Accuracy: 0.8942621542690259
Area under ROC: 0.9580796607403271
Precision by label: [0.9244315941648048, 0.8373419290850483]
Recall by label: [0.9146944083224967, 0.854504048582996]


# Hyperparameter Tuning

So, using a baseline model, we are getting almost 89 % accuracy on the test data. Now we can build a more sophisticated model, such as a random forest model, which is an ensemble method that can improve the accuracy of predictions.

In [None]:
from pyspark.ml.classification import RandomForestClassifier

rf = RandomForestClassifier()
rf_model = rf.fit(train)

Using cross-validation techniques, we now try to come up with the best hyperparameters for this model.

In [None]:
from pyspark.ml.tuning import ParamGridBuilder, CrossValidator
from pyspark.ml.evaluation import BinaryClassificationEvaluator

evaluator = BinaryClassificationEvaluator()
paramGrid = (ParamGridBuilder()
  .addGrid(rf.maxDepth, [5, 10, 20, 25, 30])
  .addGrid(rf.maxBins, [20, 30, 40])
  .addGrid(rf.numTrees, [5, 20, 50])
  .build())

In [None]:
cv = CrossValidator(estimator=rf, estimatorParamMaps=paramGrid,
                    evaluator=evaluator, numFolds=5)
cv_model = cv.fit(train)

# Best Model

In [None]:
best_rf_model = cv_model.bestModel
model_pred = best_rf_model.transform(test)

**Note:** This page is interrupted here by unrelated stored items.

(* Let $\lambda>1/2$. For every real $z>2$, $$\int_{-2}^{2}\frac{(4-x^2)^{\lambda-3/2}}{(z-x)^{\lambda}}\,dx \;=\; C_\lambda\,\frac{G(z)^{\lambda}}{1-G(z)^2}\;=\;C_\lambda\,\frac{G(z)^{\lambda-1}}{\sqrt{z^2-4}},$$ where $C_\lambda=\int_{-2}^{2}(4-x^2)^{\lambda-3/2}dx$. Moreover, for real $z>2$, $$\frac{G(z)^{\lambda-1}}{\sqrt{z^2-4}}=\exp\left(-\lambda\int_{\mathbb{R}}\log(z-x)\,\tau_\lambda(dx)\right),\qquad \tau_\lambda(dx)=\Big(1-\frac1\lambda\Big)\frac{\mathbf 1_{[-2,2]}(x)\,dx}{\pi\sqrt{4-x^2}}+\frac1\lambda\cdot\frac{\delta_{-2}+\delta_2}{2}(dx),$$ and the signed measure $\tau_\lambda$ (of total mass $1$) is a probability measure if and only if $\lambda\ge 1$.
   Context: $G(z)=\int_{-2}^2\frac{1}{z-x}\frac{\sqrt{4-x^2}}{2\pi}dx=\frac{z-\sqrt{z^2-4}}{2}$ is the Cauchy–Stieltjes transform of the standard Wigner law; for real $z>2$, $G(z)\in(0,1)$. $\delta_a$ denotes the Dirac mass at $a$. *)

From Stdlib Require Import Reals Lra.
Open Scope R_scope.

(* Cauchy-Stieltjes transform of the semicircle law, via its closed form
   (given in the paper's context) for real z > 2. *)
Definition G (z : R) : R := (z - sqrt (z ^ 2 - 4)) / 2.

(* For b <= a the interval is empty and the integral is 0. *)
Definition ImproperInt (f : R -> R) (a b l : R) : Prop :=
  (a < b /\
   forall eps, 0 < eps -> exists delta, 0 < delta /\
     forall a' b', a < a' < a + delta -> b - delta < b' < b -> a' < b' ->
       exists pr : Riemann_integrable f a' b', Rabs (RiemannInt pr - l) < eps)
  \/ (b <= a /\ l = 0).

true_pos = model_pred.filter(model_pred['label']==1).filter(
    model_pred['prediction']==1).count()
actual_pos = model_pred.filter(model_pred['label']==1).count()
pred_pos = model_pred.filter(model_pred['prediction']==1).count()
recall_rate = float(true_pos)/(actual_pos)
print(recall_rate)

As you can see from the preceding, with the random forest model with best hyperparameters, the recall rate has improved, compared to the baseline method (logistic regression).

# Conclusion

In this chapter, some transformation techniques using PySpark and ways to compute summary statistics were reviewed. You saw how to build a machine learning model from scratch and how to tune hyperparameters, to choose the best parameters for a model.